M. de la Vérendrye prit la route du lac Supérieur et de Kamanestigoya, fort construit au nord de ce lac, vers 1717, par le lieutenant Robutel de Lanoue. Les gens de La Vérendrye, sortant de là, passèrent, en 1731, par le lac des Bois, sur lequel ils élevèrent, l'année suivante, le fort Saint-Charles; par la rivière Ouinipeg, sur laquelle ils construisirent, en 1734, le fort Maurepas. Les Français prenaient possession du pays en établissant des postes pour les protéger, et pour favoriser en même temps leur commerce de pelleteries. Continuant leurs courses, ils traversèrent le lac Dauphin et le lac des Cygnes; ils reconnurent la rivière des Biches et remontèrent jusqu'à sa fourche la rivière Saskatchaouan ou Poskoïac. Ils élevèrent le fort Dauphin à la tête du lac Manitoba, et le fort de la Reine au pied du même lac; le fort Bourbon sur la rivière des Biches à la tête du lac Ouinipeg; le fort Rouge dans l'angle formé par la rivière Rouge et celle de Assiniboils. Ils continuèrent ensuite, dirigés par le frère et les fils de M. de la Vérendrye, à s'avancer tantôt vers le sud et tantôt vers le nord, sans trouver l'Océan qu'ils cherchaient.

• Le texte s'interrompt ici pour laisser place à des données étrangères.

(* Let $r\in[2,+\infty)$ and $h_0>0$. Let $Z\in L^r_{\mathbb{R}^q}(\mathbb{P})$ with $\mathbb{E}Z=0$, $a\in\mathbb{R}^d$ and $A\in\mathcal{M}(d,q,\mathbb{R})$. Then for every $h\in(0,h_0)$, $$\mathbb{E}\big|a+\sqrt h\,AZ\big|^r\le|a|^r(1+c^{(1)}_rh)+c^{(2)}_{r,h_0}\,h\,\|A\|^r\,\mathbb{E}|Z|^r,$$ where $c^{(1)}_r=2^{(r-3)_+}\frac{(r-1)(r-2)}{2}$, $c^{(2)}_{r,h_0}=2^{(r-3)_+}(r-1)\big(1+\frac r2h_0^{\frac r2-1}\big)$ and $\|A\|$ is the operator norm of $A$.
   Context: $|\cdot|$ denotes the Euclidean norm and $(x)_+=\max(x,0)$. *)

From HB Require Import structures.
From mathcomp Require Import all_boot all_order all_algebra.
From mathcomp Require Import all_classical all_reals all_analysis.
Set Implicit Arguments. Unset Strict Implicit. Unset Printing Implicit Defensive.
Import Order.TTheory GRing.Theory Num.Theory.
Local Open Scope ring_scope.
Local Open Scope classical_set_scope.

Definition eucl {R : realType} {n : nat} (v : 'cV[R]_n) : R :=
  Num.sqrt (\sum_(i < n) v i ord0 ^+ 2).

Definition opnorm {R : realType} {d q : nat} (A : 'M[R]_(d, q)) : R :=
  sup [set eucl (A *m x) | x in [set x : 'cV[R]_q | eucl x <= 1]].

Definition pos_part {R : realType} (x : R) : R := Num.max x 0.

Definition c1 {R : realType} (r : R) : R :=
  2 `^ pos_part (r - 3) * ((r - 1) * (r - 2) / 2).

Definition c2 {R : realType} (r h0 : R) : R :=
  2 `^ pos_part (r - 3) * (r - 1) * (1 + r / 2 * h0 `^ (r / 2 - 1)).

From HB Require Import structures.
From mathcomp Require Import all_boot all_order all_algebra.
From mathcomp Require Import all_classical all_reals all_analysis.
From mathcomp Require Import measurable_realfun ring lra.
Import Order.TTheory GRing.Theory Num.Theory.
Local Open Scope ring_scope.
Local Open Scope classical_set_scope.

(* Write s = |a|, u = sqrt h A z, v = |u| and b = <a, u>.  Along the segment
   t |-> a + t u, the function t |-> |a + t u|^r has derivative r s^(r-2) b at 0 and
   second derivative at most r (r-1) (s + v)^(r-2) v^2, while
   (s + v)^(r-2) <= 2^((r-3)_+) (s^(r-2) + v^(r-2)).  Taylor's formula therefore gives
     |a + u|^r <= s^r + r s^(r-2) b + r (r-1)/2 2^((r-3)_+) (s^(r-2) v^2 + v^r).
   Young's inequality splits s^(r-2) v^2 = h s^(r-2) |A z|^2 into multiples of s^r and
   |A z|^r, and v^r = h^(r/2) |A z|^r <= h h0^(r/2-1) ||A||^r |z|^r.  Taking expectations
   at z = Z, the first-order term r s^(r-2) <a, sqrt h A Z> vanishes because E Z = 0. *)

Section euclidean.
Context {R : realType}.

Definition dotmx {n} (x y : 'cV[R]_n) : R := \sum_(i < n) x i ord0 * y i ord0.

Lemma dotmx_ge0 {n} (x : 'cV[R]_n) : 0 <= dotmx x x.
Proof. by apply: sumr_ge0 => i _; rewrite -expr2 sqr_ge0. Qed.

Lemma dotmxZl {n} (t : R) (x y : 'cV[R]_n) : dotmx (t *: x) y = t * dotmx x y.
Proof. by rewrite /dotmx mulr_sumr; apply: eq_bigr => i _; rewrite mxE mulrA. Qed.

Lemma dotmx_addZ {n} (x y : 'cV[R]_n) (t : R) :
  dotmx (x + t *: y) (x + t *: y) = dotmx x x + 2 * t * dotmx x y + t ^+ 2 * dotmx y y.
Proof.
rewrite /dotmx !mulr_sumr -!big_split /=.
by apply: eq_bigr => i _; rewrite !mxE; ring.
Qed.

Lemma dotmx_mulmx {m n} (a : 'cV[R]_m) (B : 'M[R]_(m, n)) (z : 'cV[R]_n) :
  dotmx a (B *m z) = ((a^T *m B) *m z) ord0 ord0.
Proof. by rewrite -mulmxA mxE; apply: eq_bigr => i _; rewrite [a^T _ _]mxE. Qed.

Lemma dotmx_eq0 {n} (x : 'cV[R]_n) : dotmx x x = 0 -> x = 0.
Proof.
move=> /psumr_eq0P x0; apply/matrixP => i j; rewrite (ord1 j) mxE.
apply/eqP; rewrite -sqrf_eq0 expr2; apply/eqP/x0 => // k _.
by rewrite -expr2 sqr_ge0.
Qed.

Lemma dotmx_sqr_le {n} (x y : 'cV[R]_n) : dotmx x y ^+ 2 <= dotmx x x * dotmx y y.
Proof.
have [/dotmx_eq0 ->|y0] := eqVneq (dotmx y y) 0.
  have dot0 w : dotmx w (0 : 'cV_n) = 0 by rewrite /dotmx big1 // => i _; rewrite mxE mulr0.
  by rewrite !dot0 expr0n mulr0.
have yp : 0 < dotmx y y by rewrite lt_neqAle eq_sym y0 dotmx_ge0.
have := dotmx_ge0 (x - (dotmx x y / dotmx y y) *: y).
rewrite -scaleNr dotmx_addZ => h.
have E : dotmx y y * (dotmx x x + 2 * - (dotmx x y / dotmx y y) * dotmx x y
    + (- (dotmx x y / dotmx y y)) ^+ 2 * dotmx y y)
  = dotmx y y * dotmx x x - dotmx x y ^+ 2 by field.
have := mulr_ge0 (ltW yp) h; rewrite E; lra.
Qed.

Lemma euclE {n} (x : 'cV[R]_n) : eucl x = Num.sqrt (dotmx x x).
Proof. by rewrite /eucl; under eq_bigr do rewrite expr2. Qed.

Lemma eucl_ge0 {n} (x : 'cV[R]_n) : 0 <= eucl x.
Proof. exact: sqrtr_ge0. Qed.

Lemma eucl_sqr {n} (x : 'cV[R]_n) : eucl x ^+ 2 = dotmx x x.
Proof. by rewrite euclE sqr_sqrtr // dotmx_ge0. Qed.

Lemma eucl_powR {n} (x : 'cV[R]_n) (r : R) : eucl x `^ r = dotmx x x `^ (r / 2).
Proof. by rewrite euclE -powR12_sqrt ?dotmx_ge0 // -powRrM mulrC. Qed.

Une de ces courses avait déjà coûté la vie à l'un des fils de M. de la Vérendrye, à son parti composé de vingt hommes et au jésuite Auneau, qui avaient tous été massacrés, en 1736, par les Sioux, dans une île du lac des Bois. Quelques jours après, cinq voyageurs canadiens trouvèrent leurs restes. Les têtes des Français, la plupart sans chevelure, étaient posées sur des peaux de castors. Le missionnaire avait un genou en terre, une flèche dans la tête, le sein ouvert, la main gauche baissée contre terre, la droite élevée vers le ciel. La Vérendrye était couché sur le ventre; il avait le dos ciselé à coups de couteaux et une houe enfoncée dans les reins; il était sans tête, et son corps était orné de jarretières et de bracelets de porc-épic.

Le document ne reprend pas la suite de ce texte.